O ingresso era bastante disputado, com exame de seleção. Grande parte dos alunos era formada por filhos de parlamentares, profissionais liberais e funcionários do governo.
ENSINO DIFERENCIADO – Com o objetivo de formar cidadãos com capacidade crítica e pensamento criativo, os alunos tinham acesso a conteúdos variados e atividades extracurriculares.
“Os laboratórios eram muito bons e os professores, extremamente preparados. Muitos deles faziam pós-graduação na UnB”, relata a escritora, ex-aluna e professora aposentada da UnB Rosângela Vieira Rocha. No currículo, também eram ofertadas disciplinas de latim, inglês voltado para a literatura, antropologia filosófica, artes e desenho industrial. Para além da formação básica, os alunos participavam das práticas educacionais vocativas, conhecidas como clubes. As áreas eram as mais diversas, indo desde música e teatro a arquitetura de carroçaria e investigações aeroespaciais.
Liberdade com responsabilidade era um dos lemas do Ciem, que estimulava a participação dos estudantes até mesmo em reuniões e definições estratégicas. “Semanalmente ou quinzenalmente, discutíamos a filosofia da escola, sempre embasados em conceitos e aspectos filosóficos e éticos”, relembra Rosângela.
As aulas tinham duas horas de duração e não eram expositivas, sendo a maior parte do tempo destinada a atividades, individuais ou em grupo. “Havia um respeito muito grande entre alunos e professores. Eles nos ensinavam a pensar, de modo lógico e crítico”, afirma a docente.
Rosângela diz que a formação no colégio influenciou seu interesse pela literatura. “Vim do interior de Minas Gerais e, mesmo sendo muito difícil, consegui passar porque tirei 10 na redação. Foi lá que descobri e desenvolvi meu talento como escritora."

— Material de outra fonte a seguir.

Lemma Dsig_join u v w : (sigma w < sigma v)%N -> (sigma v < sigma u)%N ->
  Dsig sigma E u w -> Dsig sigma E v w -> Dsig sigma E u v.
Proof.
move=> Hwv Hvu; rewrite /Dsig => /fill_iter_min Hu /fill_iter_min Hv.
have Hm : (sigma w < p - 2)%N.
  by have := ltn_ord (sigma u); move: Hwv Hvu; lia.
rewrite (minn_idPr (ltnW Hm)) in Hu Hv.
apply: (fill_iter_mono (n := (sigma w).+1)) => //=.
apply/orP; right; apply/and4P; split.
- by apply/eqP => E0; move: Hvu; rewrite E0 ltnn.
- exact: ltn_trans Hwv Hvu.
- exact: Hwv.
- by apply/existsP; exists w; rewrite eqxx Hu Hv.
Qed.

Definition Fsig (a b : 'I_p) : bool :=
  [exists u, exists v, [&& sigma u == a, sigma v == b & Dsig sigma E u v]].

Lemma Fsig_join (a b m : 'I_p) : (m < b)%N -> (b < a)%N ->
  Fsig a m -> Fsig b m -> Fsig a b.
Proof.
move=> Hmb Hba /existsP [u /existsP [w /and3P [/eqP Hu /eqP Hw H1]]].
move=> /existsP [v /existsP [w' /and3P [/eqP Hv /eqP Hw' H2]]].
have ew : w' = w by apply: sigma_inj; rewrite Hw Hw'.
subst w'; apply/existsP; exists u; apply/existsP; exists v; rewrite Hu Hv !eqxx /=.
by apply: (Dsig_join (w := w)); rewrite ?Hu ?Hv ?Hw.
Qed.

Lemma Esig_Fsig a b : Esig sigma E a b -> Fsig a b.
Proof.
move=> /existsP [u /existsP [v /and3P [H1 H2 H3]]].
apply/existsP; exists u; apply/existsP; exists v; rewrite H1 H2 /=.
exact: (fill_iter_mono (n := 0)).
Qed.

Lemma GB_no_filled_triangle (a b m : 'I_p) : GB_ordering sigma E ->
  ~~ Esig sigma E a b -> ~~ Esig sigma E a m -> ~~ Esig sigma E b m ->
  Fsig a b -> Fsig a m -> Fsig b m -> False.
Proof.
move=> GB Nab Nam Nbm.
move=> /existsP [u /existsP [v /and3P [/eqP Hu /eqP Hv H1]]].
move=> /existsP [u' /existsP [w /and3P [/eqP Hu' /eqP Hw H2]]].
move=> /existsP [v' /existsP [w' /and3P [/eqP Hv' /eqP Hw' H3]]].
have eu : u' = u by apply: sigma_inj; rewrite Hu Hu'.
have ev : v' = v by apply: sigma_inj; rewrite Hv Hv'.
have ew : w' = w by apply: sigma_inj; rewrite Hw Hw'.
subst u' v' w'.
have NE a' b' u' v' : sigma u' = a' -> sigma v' = b' ->
    ~~ Esig sigma E a' b' -> ~~ E u' v'.
  move=> Ha Hb; apply: contra => Huv.
  by apply/existsP; exists u'; apply/existsP; exists v'; rewrite Ha Hb !eqxx.
apply: GB; exists u, v, w; rewrite H1 H2 H3 !andbT.
by rewrite (NE _ _ _ _ Hu Hv Nab) (NE _ _ _ _ Hv Hw Nbm) (NE _ _ _ _ Hu Hw Nam).
Qed.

LUTA E DITADURA – Embora o Ciem tenha sido planejado antes do período militar, sua história está diretamente relacionada ao regime ditatorial no Brasil. “A proposta pedagógica não era coerente com o momento político e sobreviveu apenas na fase mais branda da ditadura”, relata Hélio Doyle, jornalista, professor aposentado da UnB e ex-aluno do Ciem.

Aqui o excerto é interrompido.